I haven’t sent it there. I created an account on arXiv a while back, and as far as I recall there was some process requiring a submission from someone new to be endorsed by someone else. This, I think, although on rereading I see that it only says that they “may” post facto require endorsement of submissions by authors new to arXiv, it’s not a required part of the submission process. What happened the very first time you put something there?
(I know I’m not IlyaShpitser, but better my reply than no reply.) I have several papers on the arXiv, and the very first time I submitted one I remember it being automatically posted without needing endorsement (and searching my inbox confirms that; there’s no extra email there asking me to find an endorser). If you submit a not-obviously-cranky-or-offtopic preprint from a university email address I expect it to sail right through.
Well, I’ve just managed to put a paper up on arXiv (a different one that’s been in the file drawer for years), so that works.
Because they’re so small, I feel like their policies can be really inconsistent from circumstance to circumstance. I’ve got a couple papers on arXiv, but my third one has been mysteriously on hold for some months now for reasons that are entirely unclear to me.
How long ago was this? I believe the endorsement for new submitters requirement was added ~6 years ago.
My first submission was in 2012. I’m fairly sure I read about the potential endorsement-for-new-submitters condition at the time, too.
SSRN?
I’d be interested in seeing it, if you don’t mind! (My email is my username at gmail, or you can contact me any of the normal ways.)
The words “input” and “output” are not right here. A controller has two signals coming into it and one coming out of it. What you above called the “output” is actually one of the input signals, the perception. This is fundamental to understanding control systems.

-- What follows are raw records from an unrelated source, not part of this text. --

(* Let [Phi] be the primitive of [phi] (periodic since [phi] has
   zero mean), [F] the centered [Phi], [G1] the primitive of [F] and [G2] the
   primitive of the centered [F^2].  These are bounded, and the hypothesis says
   exactly that [kappa = betah + mean(F^2)] is positive, so the averaging
   argument applies. *)
Theorem mainTheorem1 (T alpha betah : R) (phi : R -> R) :
  0 < T -> 0 < alpha -> betah < 0 ->
  (forall t, continuous phi t) ->
  (forall t, phi (t + T) = phi t) ->
  RInt phi 0 T = 0 ->
  / T * RInt (fun tau => (RInt phi 0 tau) ^ 2) 0 T >
    (/ T * RInt (fun tau => tau * phi tau) 0 T) ^ 2 - betah ->
  exists mu0, 0 < mu0 /\
    forall mu, 0 < mu <= mu0 ->
      asympt_stable (alpha * mu) (fun t => betah * mu ^ 2 + mu * phi t).
Proof.
  intros HT Ha _ Hc Hp H0 Hmain.
  set (Phi := fun t => RInt phi 0 t).
  assert (HPd : forall t, is_derive Phi t (phi t)) by (intros; apply derive_primitive; auto).
  assert (HPc : forall t, continuous Phi t) by (intros; eapply continuous_of_derive; apply HPd).
  assert (HPp : forall t, Phi (t + T) = Phi t) by (intros; apply primitive_periodic; auto).
  set (F := centered Phi T).
  assert (HFd : forall t, is_derive F t (phi t)).
  { intros t. eapply derive_eq; [apply derive_minus; [apply HPd|apply derive_const]|].
    real_eq; ring. }
  pose proof (centered_continuous Phi T HPc) as HFc.
  pose proof (centered_periodic Phi T HPp) as HFp.
  set (F2 := fun t => F t ^ 2).
  assert (HF2c : forall t, continuous F2 t)
    by (intros; eapply continuous_of_derive; apply derive_sqr, HFd).
  assert (HF2p : forall t, F2 (t + T) = F2 t) by (intros; unfold F2; rewrite HFp; reflexivity).
  destruct (periodic_bounded F T HT HFc HFp) as [M0 HM0].
  destruct (centered_primitive_bounded Phi T HT HPc HPp) as [HG1d [M1 HM1]].
  fold F in HG1d, HM1.
  destruct (centered_primitive_bounded F2 T HT HF2c HF2p) as [HG2d [M2 HM2]].
  (* kappa > 0: mean(F^2) = mean(Phi^2) - mean(Phi)^2, and by parts
     mean(Phi) = - mean(tau phi(tau)) *)
  assert (Hkappa : 0 < betah + / T * RInt F2 0 T).
  { unfold F2, F. rewrite centered_sqr_mean by auto.
    pose proof (primitive_RInt_by_parts phi T Hc) as Hparts.
    rewrite H0, Rmult_0_r in Hparts. fold Phi in Hparts.
    replace (RInt Phi 0 T) with (- RInt (fun tau => tau * phi tau) 0 T) by lra.
    replace ((/ T * - RInt (fun tau => tau * phi tau) 0 T) ^ 2)
      with ((/ T * RInt (fun tau => tau * phi tau) 0 T) ^ 2) by ring.
    unfold Phi. lra. }
  apply (averaged_asympt_stable alpha betah (/ T * RInt F2 0 T) phi F
           (fun t => RInt F 0 t) (fun t => RInt (centered F2 T) 0 t)
           Ha Hkappa HFd HG1d HG2d (Rabs M0 + Rabs M1 + Rabs M2));
    intros t; [pose proof (HM0 t) | pose proof (HM1 t) | pose proof (HM2 t)];
    pose proof (Rle_abs M0); pose proof (Rle_abs M1); pose proof (Rle_abs M2);
    pose proof (Rabs_pos M0); pose proof (Rabs_pos M1); pose proof (Rabs_pos M2); lra.
Qed.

The two signals going into the controller are the reference and the perception. The reference is the value at which the control system is trying to bring the perception to. The signal coming out of the controller is the output, action or behaviour of the controller. The action is being emitted in order to bring the perception towards the reference. The controller is controlling the relationship between its two input signals, trying to make that relationship the identity. The italicised words are somewhere between definitions and descriptions. They are the usual words used to name these signals in PCT, but this usage is an instance of their everyday meanings.
In concrete terms, a thermostat’s perception is (some measure of) the actual temperature. Its reference signal is the setting of the desired temperature on a dial. Its output or behaviour is the signal it sends to turn the heat source on and off. In a well-functioning control system, one observes that as the reference changes, the perception tracks it very closely, while the output signal has zero correlation with both of them. The purpose of the behaviour is to control the perception—hence the title of William Powers’ book, “Behavior: The Control of Perception”. All of the behaviour of living organisms is undertaken for a purpose: to bring some perception close to some reference.

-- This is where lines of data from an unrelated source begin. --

(* Let $x\in\mathcal{T}$ and let $x^*$ be its condensed form. Then the equivalence class of $x$ under warping identification is $$[x] := \{y\in\mathcal{T} : \delta(x,y)=0\} = \{y\in\mathcal{T} : y \succ x^*\}.$$
   Context: A time series of length $n\ge1$ is a finite real sequence $x=(x_1,\dots,x_n)$; $\mathcal{T}$ is the set of all time series of finite length. For $m,n\in\mathbb{N}$, a warping path of order $m\times n$ is a sequence $p=(p_1,\dots,p_\ell)$ of points in $[m]\times[n]$ ($[n]=\{1,\dots,n\}$) with $p_1=(1,1)$, $p_\ell=(m,n)$, $p_{l+1}-p_l\in\{(1,0),(0,1),(1,1)\}$; $\mathcal{P}_{m,n}$ is the set of these. The dtw-distance of $x$ (length $m$) and $y$ (length $n$) is $\delta(x,y)=\min_{p\in\mathcal{P}_{m,n}}\big(\sum_{(i,j)\in p}(x_i-y_j)^2\big)^{1/2}$. A time series $x'$ is an expansion of $x=(x_1,\dots,x_n)$, written $x'\succ x$ (equivalently $x\prec x'$, $x$ is a compression of $x'$), if there are integers $\alpha_1,\dots,\alpha_n\ge1$ such that $x'=(\underbrace{x_1,\dots,x_1}_{\alpha_1},\dots,\underbrace{x_n,\dots,x_n}_{\alpha_n})$. A time series is irreducible if no two consecutive elements are equal (equivalently, it is not an expansion of a shorter time series). The condensed form $x^*$ of $x$ is the (unique) irreducible time series with $x\succ x^*$, obtained by collapsing each maximal run of consecutive equal values to a single element. *)

From Stdlib Require Import Reals List ClassicalEpsilon.
Open Scope R_scope.
Import ListNotations.

(* A time series is a finite, non-empty real sequence; we use lists with
   the side condition [x <> []] (1-indexed entries x_i = nth (i-1) x 0). *)
Definition ts := list R.
Definition is_ts (x : ts) : Prop := x <> [].

Definition at1 (x : ts) (i : nat) : R := nth (i - 1) x 0.

Definition wstep (a b : nat * nat) : Prop :=
  (fst b = S (fst a) /\ snd b = snd a) \/
  (fst b = fst a /\ snd b = S (snd a)) \/
  (fst b = S (fst a) /\ snd b = S (snd a)).

Fixpoint steps_ok (p : list (nat * nat)) : Prop :=
  match p with
  | a :: ((b :: _) as q) => wstep a b /\ steps_ok q
  | _ => True
  end.

Definition warping_path (m n : nat) (p : list (nat * nat)) : Prop :=
  p <> [] /\
  hd (0%nat, 0%nat) p = (1%nat, 1%nat) /\
  last p (0%nat, 0%nat) = (m, n) /\
  steps_ok p /\
  Forall (fun ij => (1 <= fst ij <= m)%nat /\ (1 <= snd ij <= n)%nat) p.

Definition path_cost (x y : ts) (p : list (nat * nat)) : R :=
  fold_right (fun ij acc => (at1 x (fst ij) - at1 y (snd ij))^2 + acc) 0 p.

Definition is_min_cost (x y : ts) (c : R) : Prop :=
  (exists p, warping_path (length x) (length y) p /\ path_cost x y p = c) /\
  (forall p, warping_path (length x) (length y) p -> c <= path_cost x y p).

(* dtw-distance: square root of the minimal cost (the minimum exists since
   P_{m,n} is finite and nonempty). *)
Definition dtw (x y : ts) : R :=
  sqrt (epsilon (inhabits 0) (fun c => is_min_cost x y c)).

Definition expansion (x' x : ts) : Prop :=
  exists alpha : list nat,
    length alpha = length x /\ Forall (fun a => (1 <= a)%nat) alpha /\
    x' = flat_map (fun pa => repeat (fst pa) (snd pa)) (combine x alpha).

Fixpoint irreducible (x : ts) : Prop :=
  match x with
  | a :: ((b :: _) as q) => a <> b /\ irreducible q
  | _ => True
  end.

(* condensed form: collapse maximal runs of equal consecutive values *)
Fixpoint condense (x : ts) : ts :=
  match x with
  | [] => []
  | a :: q =>
      match condense q with
      | b :: r => if Req_EM_T a b then b :: r else a :: b :: r
      | [] => [a]
      end
  end.

(** Since all costs are nonnegative and there are only finitely many warping
    paths, [dtw x y = 0] exactly when some warping path has zero cost, i.e.
    when x and y agree along it.  Walking along such a path, each step either
    stays inside a run of equal values of one series or enters the next run
    of both, so a zero-cost path exists iff x and y have the same condensed
    form.  Finally, y has condensed form [x*] iff y is an expansion of the
    irreducible series [x*]. *)

From Stdlib Require Import Reals List Lia Lra Classical ClassicalEpsilon.
Open Scope R_scope.
Import ListNotations.

Definition aligned (x y : ts) (p : list (nat * nat)) : Prop :=
  Forall (fun ij => at1 x (fst ij) = at1 y (snd ij)) p.

Lemma path_cost_nonneg x y p : 0 <= path_cost x y p.
Proof.
  induction p as [|[i j] p IH]; simpl; [lra|].
  pose proof (pow2_ge_0 (at1 x i - at1 y j)); lra.
Qed.

Lemma path_cost_eq0 x y p : path_cost x y p = 0 <-> aligned x y p.
Proof.
  unfold aligned; induction p as [|[i j] p IH]; simpl; [split; auto|].
  pose proof (path_cost_nonneg x y p); pose proof (pow2_ge_0 (at1 x i - at1 y j)).
  split.
  - intros Hc; constructor; simpl; [nra | apply IH; lra].
  - intros Hc; inversion Hc as [|? ? Hij Hp]; subst; simpl in Hij.
    rewrite Hij, (proj2 IH Hp); ring.
Qed.

Lemma last_cons_cons {A} (a b : A) l d : last (a :: b :: l) d = last (b :: l) d.
Proof. reflexivity. Qed.

Lemma last_map_nonempty {A B} (f : A -> B) l d d' :
  l <> [] -> last (map f l) d' = f (last l d).
Proof.
  induction l as [|a [|b l] IH]; intros Hl; [congruence | reflexivity |].
  cbn [map]; rewrite !last_cons_cons; apply IH; discriminate.
Qed.

Lemma steps_ok_map (Q : nat * nat -> Prop) f p :
  Forall Q p -> (forall a b, Q a -> Q b -> wstep a b -> wstep (f a) (f b)) ->
  steps_ok p -> steps_ok (map f p).
Proof.
  intros HQ Hf; induction HQ as [|a p Ha HQ IH]; [now intros|].
  destruct p as [|b p]; [now intros|].
  intros [Hab Hs]; split; [apply Hf; auto; now inversion HQ | exact (IH Hs)].
Qed.

Lemma steps_ok_monotone h r : steps_ok (h :: r) ->
  Forall (fun b => fst h <= fst b /\ snd h <= snd b)%nat r.
Proof.
  revert h; induction r as [|b r IH]; intros h Hs; [constructor|].
  destruct Hs as [Hw Hs]; constructor.
  - unfold wstep in Hw; lia.
  - eapply Forall_impl; [|exact (IH b Hs)]; intros c Hc; cbv beta in Hc; unfold wstep in Hw; lia.
Qed.

Lemma steps_ok_last_ge h r d : steps_ok (h :: r) ->
  (fst h + snd h + length r <= fst (last (h :: r) d) + snd (last (h :: r) d))%nat.
Proof.
  revert h; induction r as [|b r IH]; intros h Hs; [simpl; lia|].
  destruct Hs as [Hw Hs]; specialize (IH b Hs).
  rewrite last_cons_cons; cbn [length]; unfold wstep in Hw; lia.
Qed.

Lemma warping_path_length m n p : warping_path m n p -> (length p <= m + n)%nat.
Proof.
  intros [Hne [Hhd [Hl [Hs _]]]]; destruct p as [|h r]; [congruence|].
  simpl in Hhd; subst h.
  pose proof (steps_ok_last_ge _ _ (0, 0)%nat Hs) as H.
  rewrite Hl in H; simpl in H |- *; lia.
Qed.

Definition shift (dx dy : nat) (ij : nat * nat) := (fst ij + dx, snd ij + dy)%nat.
Definition unshift (dx dy : nat) (ij : nat * nat) := (fst ij - dx, snd ij - dy)%nat.

Lemma warping_path_single : warping_path 1 1 [(1, 1)%nat].
Proof. repeat split; try discriminate; repeat constructor. Qed.

Lemma warping_path_cons_shift dx dy m n p :
  (dx <= 1)%nat -> (dy <= 1)%nat -> (1 <= dx + dy)%nat -> warping_path m n p ->
  warping_path (m + dx) (n + dy) ((1, 1)%nat :: map (shift dx dy) p).
Proof.
  intros Hdx Hdy Hd [Hne [Hhd [Hl [Hs Hr]]]].
  destruct p as [|h r]; [congruence|]; simpl in Hhd; subst h.
  split; [discriminate|]; split; [reflexivity|]; split; [|split].
  - change (last (map (shift dx dy) ((1, 1)%nat :: r)) (0, 0)%nat = (m + dx, n + dy)%nat).
    rewrite (last_map_nonempty _ _ (0, 0)%nat) by discriminate.
    now rewrite Hl.
  - change (wstep (1, 1)%nat (shift dx dy (1, 1)%nat) /\
            steps_ok (map (shift dx dy) ((1, 1)%nat :: r))).
    split; [unfold wstep, shift; simpl; lia|].
    apply steps_ok_map with (Q := fun _ => True); [apply Forall_forall; auto | | exact Hs].
    intros [a1 a2] [b1 b2] _ _; unfold wstep, shift; simpl; lia.
  - constructor; [pose proof (Forall_inv Hr); simpl in *; lia|].
    apply Forall_map; eapply Forall_impl; [|exact Hr].
    intros [a1 a2]; unfold shift; simpl; lia.
Qed.

Lemma warping_path_exists m n : exists p, warping_path (S m) (S n) p.
Proof.
  induction m as [|m [p Hp]].
  - induction n as [|n [p Hp]]; [eexists; apply warping_path_single|].
    pose proof (warping_path_cons_shift 0 1 _ _ _ ltac:(lia) ltac:(lia) ltac:(lia) Hp) as H.
    rewrite Nat.add_0_r, Nat.add_1_r in H; eauto.
  - pose proof (warping_path_cons_shift 1 0 _ _ _ ltac:(lia) ltac:(lia) ltac:(lia) Hp) as H.
    rewrite Nat.add_0_r, Nat.add_1_r in H; eauto.
Qed.

Lemma warping_path_uncons m n h r : warping_path m n ((1, 1)%nat :: h :: r) ->
  exists dx dy, (dx <= 1 /\ dy <= 1 /\ 1 <= dx + dy)%nat /\
   Forall (fun b => 1 + dx <= fst b /\ 1 + dy <= snd b)%nat (h :: r) /\
   warping_path (m - dx) (n - dy) (map (unshift dx dy) (h :: r)).
Proof.
  intros [_ [_ [Hl [[Hw Hs] Hr]]]].
  destruct h as [i j]; unfold wstep in Hw; simpl in Hw.
  exists (i - 1)%nat, (j - 1)%nat.
  pose proof (steps_ok_monotone _ _ Hs) as Hmono; simpl in Hmono.
  inversion Hr as [|? ? _ Hr1]; subst.
  assert (HQ : Forall (fun b => 1 + (i - 1) <= fst b /\ 1 + (j - 1) <= snd b)%nat
                 ((i, j) :: r)).
  { constructor; [simpl; lia|].
    eapply Forall_impl; [|exact Hmono]; intros b Hb; cbv beta in Hb; lia. }
  split; [lia|]; split; [exact HQ|].
  split; [discriminate|]; split; [unfold unshift; simpl; f_equal; lia|]; split; [|split].
  - rewrite (last_map_nonempty _ _ (0, 0)%nat) by discriminate.
    rewrite last_cons_cons in Hl; now rewrite Hl.
  - apply (steps_ok_map _ _ _ HQ); [|exact Hs].
    intros [a1 a2] [b1 b2] Ha Hb; unfold wstep, unshift; simpl in *; lia.
  - apply Forall_map; eapply Forall_impl; [|exact (Forall_and HQ Hr1)].
    intros [a1 a2]; unfold unshift; simpl; lia.
Qed.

Yeah, that paragraph was sloppy and the previous sentence didn’t add much, so I deleted it and reworded the sentence you quoted. I’m used to flipping my perspective around a system, and thus ‘output’ and ‘input’ are more like ‘left’ and ‘right’ to me than invariant relationships like ‘clockwise’ and ‘counterclockwise’—with the result that I’ll sometimes be looking at something from the opposite direction of someone else. “Left! No, house left!”
(In this particular case, the system output and the controller input are the same thing, and the system input is the disturbance that the controller counteracts, and I assumed you didn’t have access to the controller’s other input, the reference.)